- Task details: Provide again, from the entries below, every line from the one containing "rewrite expr_div_n geom_sum_exprn;" through the one containing "have n_split : n", exactly as written, and no other line.

- Input for this task:
*** Block opens ***

Lemma geom_sum_exprn (F : idomainType) (x y : F) (n : nat) :
  x ^+ n != y ^+ n ->
  geom_sum x y n ^+ n = \sum_(i < n)
    (y ^+ (n.-1 - i) * (x ^+ n - y ^+ n) ^+ i *+ 'C(n, i.+1)) * geom_sum x y n ^+ (n.-1 - i).
Proof.
rewrite -subr_eq0; set h := geom_sum x y n; set c := x ^+ n - y ^+ n => c_neq0.
have eps_h : (x - y) * h = c by rewrite /c subrXX.
have c_binom : c = \sum_(i < n) y ^+ (n.-1 - i) * (x - y) ^+ i.+1 *+ 'C(n, i.+1).
  rewrite /c {1}(_ : x = y + (x - y)); last by rewrite addrC subrK.
  rewrite exprDn big_ord_recl subn0 expr0 mulr1 bin0 mulr1n addrAC subrr add0r.
  apply: eq_bigr => i _ /=.
  by rewrite (_ : n - i.+1 = n.-1 - i)%N //; lia.
apply: (mulfI c_neq0); rewrite mulr_sumr {1}c_binom mulr_suml; apply: eq_bigr => i _.
have i_lt_n := ltn_ord i.
rewrite [h ^+ n](_ : _ = h ^+ i.+1 * h ^+ (n.-1 - i)); last by rewrite -exprD; congr (_ ^+ _); lia.
by rewrite -eps_h !exprS exprMn; ring.
Qed.

Lemma Aint_geom_sum_div (x : algC) (r c : int) (n d : nat) :
  (0 < d)%N -> x ^+ n = r%:~R ^+ n + c%:~R -> c != 0 ->
  (forall i, (i < n)%N -> ((d ^ i.+1)%:Z %| 'C(n, i.+1)%:Z * c ^+ i)%Z) ->
  geom_sum x r%:~R n / d%:R \in Aint.
Proof.
move=> d_gt0 xn c_neq0 dvd_binom.
have xn_r : x ^+ n - r%:~R ^+ n = c%:~R by rewrite xn addrAC subrr add0r.
have d_neq0 : d%:R != 0 :> algC by rewrite pnatr_eq0 -lt0n.
pose b i : int := ('C(n, i.+1)%:Z * c ^+ i %/ (d ^ i.+1)%:Z)%Z * r ^+ (n.-1 - i).
apply: (@Aint_of_int_recurrence _ n b).
rewrite expr_div_n geom_sum_exprn; last by rewrite -subr_eq0 xn_r intr_eq0.
rewrite mulr_suml; apply: eq_bigr => i _; have i_lt_n := ltn_ord i.
have b_val : (b i)%:~R = 'C(n, i.+1)%:R * c%:~R ^+ i / d%:R ^+ i.+1 * r%:~R ^+ (n.-1 - i) :> algC.
  rewrite rmorphM rmorphXn /=; congr (_ * _); apply: (mulIf (expf_neq0 i.+1 d_neq0)).
  rewrite mulfVK ?expf_neq0 // -natrX -[(d ^ i.+1)%:R]/((d ^ i.+1)%:Z)%:~R -rmorphM.
  by rewrite divzK ?dvd_binom // rmorphM rmorphXn.
have n_split : n = (i.+1 + (n.-1 - i))%N by lia.
rewrite b_val xn_r expr_div_n -mulr_natl [in d%:R ^+ n]n_split exprD.
by field; rewrite !expf_neq0.
Qed.

Lemma logn_bin_pfactor (p t i : nat) :
  prime p -> (i < p ^ t)%N -> (t <= logn p 'C(p ^ t, i.+1) + i)%N.
Proof.
move=> p_pr i_lt; have pt_gt0 : (0 < p ^ t)%N by rewrite expn_gt0 prime_gt0.
have binom_gt0 : (0 < 'C(p ^ t, i.+1))%N by rewrite bin_gt0.
have binom'_gt0 : (0 < 'C((p ^ t).-1, i))%N by rewrite bin_gt0 -ltnS (ltn_predK pt_gt0).
have := congr1 (logn p) (mul_bin_diag (p ^ t) i).
rewrite !lognM // pfactorK //; have := ltn_logl p (ltn0Sn i); lia.
Qed.

Lemma dvdz_bin_pfactor (p t i : nat) (c : int) :
  prime p -> ((p ^ t.+1)%:Z %| c)%Z -> (i < p ^ t)%N ->
  (((p ^ t) ^ i.+1)%:Z %| 'C(p ^ t, i.+1)%:Z * c ^+ i)%Z.
Proof.
move=> p_pr; rewrite !unfold_in /= abszM abszX absz_nat => /dvdnP[c' ->] i_lt.
rewrite expnMn mulnCA dvdn_mull // -!expnM.
have binom_gt0 : (0 < 'C(p ^ t, i.+1))%N by rewrite bin_gt0.
rewrite pfactor_dvdn ?muln_gt0 ?binom_gt0 ?expn_gt0 ?prime_gt0 //.
rewrite lognM ?binom_gt0 ?expn_gt0 ?prime_gt0 // pfactorK //.
have := logn_bin_pfactor p_pr i_lt; nia.
Qed.

Lemma dvdz_exprn_iter (d m : int) (p i : nat) :
  (d %| m ^+ p - m)%Z -> (d %| m ^+ (p ^ i) - m)%Z.
Proof.
move=> d_mp; elim: i => [|i IHi]; first by rewrite expn0 expr1 subrr dvdz0.
rewrite expnSr exprM -(subrK (m ^+ p) (_ ^+ p)) -addrA rpredD //.
by rewrite subrXX dvdz_mulr.
Qed.

(* [m^(p^t) = m] and [r = m] modulo [p^(t+1)], hence [r^(p^t) = m^(p^t) = m]. *)
Lemma dvdz_sub_modz_exprn (m : int) (p k t : nat) :
  prime p -> (t < vp p (m ^+ p - m))%N -> (t <= k)%N ->
  ((p ^ t.+1)%:Z %| m - (m %% (p ^ k.+1)%:Z)%Z ^+ (p ^ t))%Z.
Proof.
move=> p_pr t_lt_v t_le_k; set r := (m %% _)%Z.
have dvd_mp : ((p ^ t.+1)%:Z %| m ^+ p - m)%Z.
  move: t_lt_v; rewrite /vp unfold_in /=.
  have [-> | mp_neq0] := eqVneq `|m ^+ p - m|%N 0%N; first by rewrite logn0.
  by rewrite pfactor_dvdn // lt0n.
have dvd_mr : ((p ^ t.+1)%:Z %| m - r)%Z.
  rewrite [m in m - r](divz_eq m (p ^ k.+1)%:Z) addrK dvdz_mull //.
  by rewrite unfold_in /= dvdn_exp2l.
rewrite -(subrK (m ^+ (p ^ t)) m) -addrA rpredD //.
  by rewrite -opprB rpredN dvdz_exprn_iter.
by rewrite subrXX dvdz_mulr.
Qed.

Lemma squarefree_neq_exprn (m r : int) (n : nat) :
  squarefree_int m -> m != 1 -> m != -1 -> (1 < n)%N -> m != r ^+ n.
Proof.
move=> [m0 sqm] m1 mN1 n_gt1; apply/eqP => m_rn.
have r1 : `|r|%N = 1%N by apply: sqm; rewrite m_rn abszX mulnn dvdn_exp2l.
have : `|m|%N = 1%N by rewrite m_rn abszX r1 exp1n.
by clear sqm; case: m m1 mN1 {m0 m_rn} => [[|[|n']]|[|n']].
Qed.

Lemma horner_hpoly (p k t : nat) (r : int) (x : algC) : (t <= k)%N ->
  (map_poly intr (hpoly p k t r)).[x] = geom_sum (x ^+ (p ^ (k - t))) r%:~R (p ^ t).
Proof.
move=> t_le_k; rewrite /hpoly /geom_sum raddf_sum horner_sum; apply: eq_bigr => i _ /=.
rewrite map_polyZ map_polyXn hornerZ hornerXn rmorphXn /= mulrC -exprM.
have pk_split : (p ^ k = p ^ t * p ^ (k - t))%N by rewrite -expnD subnKC.
have i_lt := ltn_ord i; congr (_ ^+ _ * _); move: pk_split i_lt.
move: (p ^ k)%N (p ^ t)%N (p ^ (k - t))%N (nat_of_ord i) => K A B j -> j_lt.
by rewrite -mulnBl mulnC; congr (_ * _); lia.
Qed.

Lemma Aint_hpoly_div (m : int) (p k t : nat) (alpha : algC) :
  squarefree_int m -> m != 1 -> m != -1 -> prime p ->
  alpha ^+ (p ^ k) = m%:~R -> (t <= k)%N -> (t <= vp p (m ^+ p - m) - 1)%N ->
  (map_poly intr (hpoly p k t (m %% (p ^ k.+1)%:Z)%Z)).[alpha] / (p ^ t)%:R \in Aint.
Proof.
move=> sqm m1 mN1 p_pr alpha_pk t_le_k t_le_s; rewrite horner_hpoly //.
have [-> | t_gt0] := posnP t.
  by rewrite expn0 /geom_sum big_ord1 !expr0 mulr1 divr1 rpred1.
set r := (m %% _)%Z; have pt_gt1 : (1 < p ^ t)%N by rewrite -(expn0 p) ltn_exp2l ?prime_gt1.
apply: (@Aint_geom_sum_div _ r (m - r ^+ (p ^ t))).
- by rewrite expn_gt0 prime_gt0.
- clearbody r; rewrite -exprM -expnD subnK // alpha_pk rmorphB rmorphXn /=.
  exact/esym/subrKC.
- by rewrite subr_eq0 squarefree_neq_exprn.
- move=> i i_lt; apply: dvdz_bin_pfactor => //.
  by apply: dvdz_sub_modz_exprn => //; lia.
Qed.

*** Block closes ***

- Task response:
rewrite expr_div_n geom_sum_exprn; last by rewrite -subr_eq0 xn_r intr_eq0.
rewrite mulr_suml; apply: eq_bigr => i _; have i_lt_n := ltn_ord i.
have b_val : (b i)%:~R = 'C(n, i.+1)%:R * c%:~R ^+ i / d%:R ^+ i.+1 * r%:~R ^+ (n.-1 - i) :> algC.
  rewrite rmorphM rmorphXn /=; congr (_ * _); apply: (mulIf (expf_neq0 i.+1 d_neq0)).
  rewrite mulfVK ?expf_neq0 // -natrX -[(d ^ i.+1)%:R]/((d ^ i.+1)%:Z)%:~R -rmorphM.
  by rewrite divzK ?dvd_binom // rmorphM rmorphXn.
have n_split : n = (i.+1 + (n.-1 - i))%N by lia.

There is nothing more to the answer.